Another Sequoia observation got our attention, and it’s about what comes next with generative AI applications. Their contention is that the large model companies (OpenAI, Google, Meta, Anthropic) will not invest significantly in specific generative AI applications outside of their base models, and that instead, they will rely on application developers to create those tools. As they note:
As the research labs further push the boundaries on horizontal general-purpose reasoning, we still need application or domain-specific reasoning to deliver useful AI agents. The messy real world requires significant domain and application-specific reasoning that cannot efficiently be encoded in a general model.
We’ve been forecasting this for over a year: while you will use tools like ChatGPT and Claude for all sorts of general things, if you want a version that is, say, an incredibly strong and accurate ghostwriter that knows your brand voice, style guide, etc., someone else is going to need to write that application (using a large language model (LLM) like ChatGPT as its core engine) — the base model itself won’t be expert enough to provide the specificity and quality you need. And for very smart agents, these applications will include a cognitive architecture (how the generative AI agent should “think”), combined with searches of proprietary data, specific prompts working behind the scenes, and more.
This is in essence what we’ve done with our leadership AI, ALEX: while it runs on Claude to interpret and generate responses, we’ve tried to code into it the thought processes that we believe our advisors use when serving clients, we’ve included a search of over one million words of our proprietary text, and we’ve written thousands of lines of prompting code that outline our advisory philosophy, ALEX’s personality, response preferences, and more. Because without all that, the leadership advice general models give just isn’t very special.
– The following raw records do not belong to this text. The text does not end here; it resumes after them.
(* The mixture is the library's kernel composition of the constant kernel
   [Pa] with [(_, w) |-> T (W w)]. *)
Lemma ge0_integral_mixture {R : realType} {dO dY dZ : measure_display}
    {Om : measurableType dO} {Y : measurableType dY} {Z : measurableType dZ}
    (T : R.-pker Y ~> Z) (Pa : probability Om R) (W : Om -> Y)
    (mu : {measure set Z -> \bar R}) :
  measurable_fun setT W ->
  (forall U, measurable U -> mu U = \int[Pa]_w T (W w) U)%E ->
  forall f, (forall z, 0 <= f z)%E -> measurable_fun setT f ->
  (\int[mu]_z f z = \int[Pa]_w \int[T (W w)]_z f z)%E.
Proof.
move=> mW muE f f0 mf.
have mWsnd : measurable_fun setT (W \o snd : Om * Om -> Y).
  exact: measurableT_comp mW measurable_snd.
pose l := @kprobability _ _ Om Om R (cst Pa) (measurable_cst _).
pose kW := kernel_precomp T mWsnd.
rewrite (eq_measure_integral (kcomp l kW point)) => [|U mU _].
  exact: integral_kcomp.
by rewrite muE.
Qed.

Section augmented_chain.
Context {R : realType} {dE dO : measure_display} {E : measurableType dE}
  {k : nat} {Om : measurableType dO}.
Local Notation S := (aug E k R).
Variables (T : R.-pker S ~> S) (Pr : S -> probability Om R) (Z : nat -> Om -> S).
Hypothesis chain : augmented_markov_chain T Pr Z.

Lemma measurable_chain n : measurable_fun setT (Z n).
Proof. by case: chain. Qed.

Lemma chain_law_succ a n U : measurable U ->
  Pr a (Z n.+1 @^-1` U) = (\int[Pr a]_w T (Z n w) U)%E.
Proof.
move=> mU; have [_ _ markov] := chain.
pose A i := if i == n.+1 then U else setT.
have mA i : measurable (A i) by rewrite /A; case: ifP.
have := markov a n A mA; rewrite /A eqxx.
have -> : \bigcap_(i < n.+2) (Z i @^-1` A i) = Z n.+1 @^-1` U.
  apply/seteqP; split => [w /(_ n.+1 (ltnSn _))|w Uw i _]; rewrite /A ?eqxx //.
  by case: eqP => [->|].
have -> // : \bigcap_(i < n.+1) (Z i @^-1` A i) = setT.
apply/seteqP; split => // w _ i /= ltin; rewrite /A.
by case: eqP ltin => [->|//]; rewrite ltnn.
Qed.

Lemma chain_integral_pushforward a n (g : S -> \bar R) :
  (forall b, 0 <= g b)%E -> measurable_fun setT g ->
  (\int[Pr a]_w g (Z n w) = \int[pushforward (Pr a) (Z n)]_b g b)%E.
Proof.
move=> g0 mg; rewrite ge0_integral_pushforward //; exact: measurable_chain.
Qed.

(* The measure structure of [pushforward] depends on the measurability of
   [Z n], which surfaces as extra goals below. *)
Lemma chain_integral_succ a n (g : S -> \bar R) :
  (forall b, 0 <= g b)%E -> measurable_fun setT g ->
  (\int[Pr a]_w g (Z n.+1 w) = \int[Pr a]_w \int[T (Z n w)]_b g b)%E.
Proof.
move=> g0 mg; rewrite chain_integral_pushforward //.
apply: ge0_integral_mixture => //; try exact: measurable_chain.
by move=> ? U mU; exact: chain_law_succ.
Qed.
In this way, ALEX is a form of AI agent (in this case, your leadership advisor). If Sequoia is right, in the coming few years we will see significant investment in agent development. This won’t make the base models obsolete, as we will still want to use a powerful general intelligence for all sorts of things. But for very specific use cases, from engineering to medical research to booking travel, agents written to run on top of the base models will be what we turn to. A year ago we were saying “pay attention to generative AI.” Now we’re saying, “pay attention to agents.”
Navigating the Question of Cost Versus Capability in LLMs
When it comes to generative AI, you might just get what you pay for.
We are often asked about the practical differences between various large language models. It’s a topic we wrote about in March, when we explored the widening gulf in AI capabilities. A new study, “Not All LLM Reasoners Are Created Equal,” validates our earlier observation: when it comes to AI, investment often correlates with capability.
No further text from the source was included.